Last year, the 27th Conference of the Parties (COP27) for climate change agreed to establish a loss and damage (L&D) finance facility to support the recovery from loss and damage caused by the increasing impacts of climate change. The decision to establish an L&D fund can be regarded as just a political win; it is not a climate win yet.
COP27 established a 24-member Transitional Committee to develop a framework to operationalise the L&D facility, to be adopted at COP28 in Dubai this year. The framework is expected to include the approaches, modalities and sources to capitalise this finance facility.

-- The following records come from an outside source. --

(* (1) Let $(\mathcal A_n,\varphi_n)_{n\in\mathbb N_0}$ with coface operators $\delta^k\colon(\mathcal A_{n-1},\varphi_{n-1})\to(\mathcal A_n,\varphi_n)$ ($k=0,\dots,n$) be an SCO in the category of noncommutative probability spaces. Let $(\mathcal A_\infty,\varphi_\infty)$ be the inductive limit of the filtration $\mathcal A_0\xrightarrow{\delta^1}\mathcal A_1\xrightarrow{\delta^2}\mathcal A_2\to\cdots$ with canonical morphisms $\mu_n\colon\mathcal A_n\to\mathcal A_\infty$, and let $\alpha_0\colon\mathcal A_\infty\to\mathcal A_\infty$ be the unique morphism with $\alpha_0\mu_{n-1}=\mu_n\delta^0$ for all $n\in\mathbb N$. Put $\iota_0:=\mu_0\colon\mathcal A_0\to\mathcal A_\infty$ and $\iota_N:=(\alpha_0)^N\iota_0$ for $N\in\mathbb N_0$. Then $(\iota_N)_{N\in\mathbb N_0}$ is spreadable (with respect to $\varphi_\infty$). (2) Let $\mathcal B$ be a unital algebra, $(\mathcal A,\varphi)$ a noncommutative probability space and $\iota_N\colon\mathcal B\to\mathcal A$ ($N\in\mathbb N_0$) unital homomorphisms; let $\mathcal A^f=*_{N=0}^\infty\mathcal B$ with canonical embeddings $\lambda_N$, $\pi\colon\mathcal A^f\to\mathcal A$ the unital homomorphism with $\pi\lambda_N=\iota_N$, and $\varphi^f:=\varphi\circ\pi$. Consider: (a) $(\iota_N)_{N\in\mathbb N_0}$ is spreadable. (b) Let $\mathcal A^f_n$ be the unital subalgebra generated by $\lambda_0(\mathcal B),\dots,\lambda_n(\mathcal B)$ and $\varphi^f_n$ the restriction of $\varphi^f$ to it. For $n\in\mathbb N$, $0\le k\le n$, the unital homomorphisms $\delta^k\colon\mathcal A^f_{n-1}\to\mathcal A^f_n$ determined by $\delta^k(\lambda_N(b))=\lambda_N(b)$ if $N<k$ and $\delta^k(\lambda_N(b))=\lambda_{N+1}(b)$ if $N\ge k$ ($b\in\mathcal B$, $0\le N\le n-1$) satisfy $\varphi^f_n\circ\delta^k=\varphi^f_{n-1}$, so that $(\mathcal A^f_n,\varphi^f_n)_{n\in\mathbb N_0}$ with these coface operators is an SCO in the category of noncommutative probability spaces. (c) Let $\mathcal A_n$ be the unital subalgebra of $\mathcal A$ generated by $\iota_0(\mathcal B),\dots,\iota_n(\mathcal B)$ and $\varphi_n$ the restriction of $\varphi$ to it. For all $n\in\mathbb N$, $0\le k\le n$ there exist unital homomorphisms $\delta^k\colon\mathcal A_{n-1}\to\mathcal A_n$ with $\delta^k(\iota_N(b))=\iota_N(b)$ if $N<k$ and $\delta^k(\iota_N(b))=\iota_{N+1}(b)$ if $N\ge k$ ($b\in\mathcal B$), satisfying $\varphi_n\circ\delta^k=\varphi_{n-1}$, such that $(\mathcal A_n,\varphi_n)_{n\in\mathbb N_0}$ with these coface operators is an SCO in the category of noncommutative probability spaces. Then (a) $\Leftrightarrow$ (b), and (c) $\Rightarrow$ (a).
   Context: The category of noncommutative probability spaces has objects $(\mathcal A,\varphi)$ with $\mathcal A$ a unital associative complex algebra and $\varphi\colon\mathcal A\to\mathbb C$ linear with $\varphi(1)=1$; morphisms $\alpha\colon(\mathcal A,\varphi)\to(\mathcal B,\psi)$ are unital algebra homomorphisms with $\psi\circ\alpha=\varphi$. Inductive limits exist in this category (algebraic direct limit with the induced functional). An SCO in a category is a sequence of objects $F^n$ ($n\in\mathbb N_0$) with morphisms $\delta^k\colon F^{n-1}\to F^n$ ($k=0,\dots,n$) satisfying $\delta^j\delta^i=\delta^i\delta^{j-1}$ for $i<j$. For a sequence of unital homomorphisms $\iota_N\colon\mathcal B\to(\mathcal A,\varphi)$, its distribution is $\varphi^f=\varphi\circ\pi$ on the unital free product $\mathcal A^f=*_{N\ge0}\mathcal B$, where $\pi$ is the unique unital homomorphism with $\pi\circ\lambda_N=\iota_N$; equivalently, the collection of all moments $\varphi(\iota_{N_1}(b_1)\cdots\iota_{N_r}(b_r))$. The sequence is spreadable if for every strictly increasing $i\colon\mathbb N_0\to\mathbb N_0$ the sequence $(\iota_{i(N)})_N$ has the same distribution as $(\iota_N)_N$, i.e. $\varphi(\iota_{N_1}(b_1)\cdots\iota_{N_r}(b_r))=\varphi(\iota_{i(N_1)}(b_1)\cdots\iota_{i(N_r)}(b_r))$ for all $r$, all $N_j\in\mathbb N_0$ (repetitions allowed) and all $b_j\in\mathcal B$. *)

From HB Require Import structures.
From mathcomp Require Import all_boot all_order all_algebra.
Set Implicit Arguments. Unset Strict Implicit. Unset Printing Implicit Defensive.
Import GRing.Theory Num.Theory.
Local Open Scope ring_scope.

Section NCP.
Variable C : numClosedFieldType.

Definition is_hom (A B : algType C) (f : A -> B) : Prop :=
  (forall (a : C) (x y : A), f (a *: x + y) = a *: f x + f y) /\
  f 1 = 1 /\ (forall x y : A, f (x * y) = f x * f y).

Definition is_hom_on (A B : algType C) (S : A -> Prop) (f : A -> B) : Prop :=
  (forall (a : C) (x y : A), S x -> S y -> f (a *: x + y) = a *: f x + f y) /\
  f 1 = 1 /\ (forall x y : A, S x -> S y -> f (x * y) = f x * f y).

Definition is_state (A : algType C) (phi : A -> C) : Prop :=
  (forall (a : C) (x y : A), phi (a *: x + y) = a * phi x + phi y) /\ phi 1 = 1.

Definition is_morph (A B : algType C) (phiA : A -> C) (phiB : B -> C) (f : A -> B) : Prop :=
  is_hom f /\ (forall x, phiB (f x) = phiA x).

(* SCO: A n with functionals phi n; d n k : A n -> A n.+1 is the coface delta^k
   (meaningful for k <= n.+1). *)
Definition is_SCO (A : nat -> algType C) (phi : forall n, A n -> C)
    (d : forall n, nat -> A n -> A n.+1) : Prop :=
  (forall n, is_state (phi n)) /\
  (forall n k, (k <= n.+1)%N -> is_morph (phi n) (phi n.+1) (d n k)) /\
  (forall n i j (x : A n), (i < j)%N -> (j <= n.+2)%N ->
      d n.+1 j (d n i x) = d n.+1 i (d n j.-1 x)).

Definition is_ind_limit (A : nat -> algType C) (f : forall n, A n -> A n.+1)
    (L : algType C) (mu : forall n, A n -> L) : Prop :=
  (forall n, is_hom (mu n)) /\ (forall n x, mu n.+1 (f n x) = mu n x) /\
  forall (D : algType C) (g : forall n, A n -> D),
    (forall n, is_hom (g n)) -> (forall n x, g n.+1 (f n x) = g n x) ->
    exists h : L -> D, (is_hom h /\ forall n x, h (mu n x) = g n x) /\
      forall h' : L -> D, is_hom h' -> (forall n x, h' (mu n x) = g n x) ->
        forall y, h' y = h y.

Definition is_free_product (B Af : algType C) (lam : nat -> B -> Af) : Prop :=
  (forall N, is_hom (lam N)) /\
  forall (D : algType C) (g : nat -> B -> D), (forall N, is_hom (g N)) ->
    exists h : Af -> D, (is_hom h /\ forall N b, h (lam N b) = g N b) /\
      forall h' : Af -> D, is_hom h' -> (forall N b, h' (lam N b) = g N b) ->
        forall y, h' y = h y.

Definition spreadable (B : Type) (A : algType C) (phi : A -> C)
    (iota : nat -> B -> A) : Prop :=
  forall i : nat -> nat, (forall m n, (m < n)%N -> (i m < i n)%N) ->
  forall s : seq (nat * B),
    phi (\prod_(p <- s) iota p.1 p.2) = phi (\prod_(p <- s) iota (i p.1) p.2).

End NCP.

Inductive in_gen (C : numClosedFieldType) (A : algType C) (G : A -> Prop) : A -> Prop :=
  | gen_base x : G x -> in_gen G x
  | gen_one : in_gen G 1
  | gen_lin (a : C) x y : in_gen G x -> in_gen G y -> in_gen G (a *: x + y)
  | gen_mul x y : in_gen G x -> in_gen G y -> in_gen G (x * y).

Definition subalg_gen (C : numClosedFieldType) (B : Type) (A : algType C)
    (iota : nat -> B -> A) (n : nat) : A -> Prop :=
  in_gen (fun x => exists N b, (N <= n)%N /\ x = iota N b).

(* index shift of the coface delta^k *)
Definition cshift (k N : nat) : nat := if (N < k)%N then N else N.+1.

A number of funding proposals have been made by different parties and agencies of the United Nations Framework Convention on Climate Change (UNFCCC), including the G20 Ministers and the UN Secretary-General’s Advisory Group on Climate Financing, over the last 15 years. They included new and innovative avenues such as financial transaction tax, air passenger levy, levy on military expenditures, etc. This is because public financing from developed countries will never be sufficient for this purpose. Funding mechanisms that are independent of public treasuries of the developed countries can substantially complement the mobilisation of L&D funds.
The COP27 decision also indicates exploring innovative financing options. However, the current international environment is not very conducive for minimum public financing because of the global pandemic fallout as well as the ongoing war in Ukraine. The procrastination of politicking to mobilise the long-pledged USD 100 billion support is a case in point.
The LDCs also made a proposal at COP14 back in 2008 for a modest international air passenger adaptation levy (IAPAL). The Alliance of Small Island States (AOSIS) also proposed a multi-window facility focusing on insurance and rehabilitation schemes. But neither of these suggestions were accepted by the UNFCCC negotiators. There was some opposition from some developing countries, including the SIDS, that a levy on air travel would likely impact the tourism industry negatively, which is the main source of external revenues for many of those countries.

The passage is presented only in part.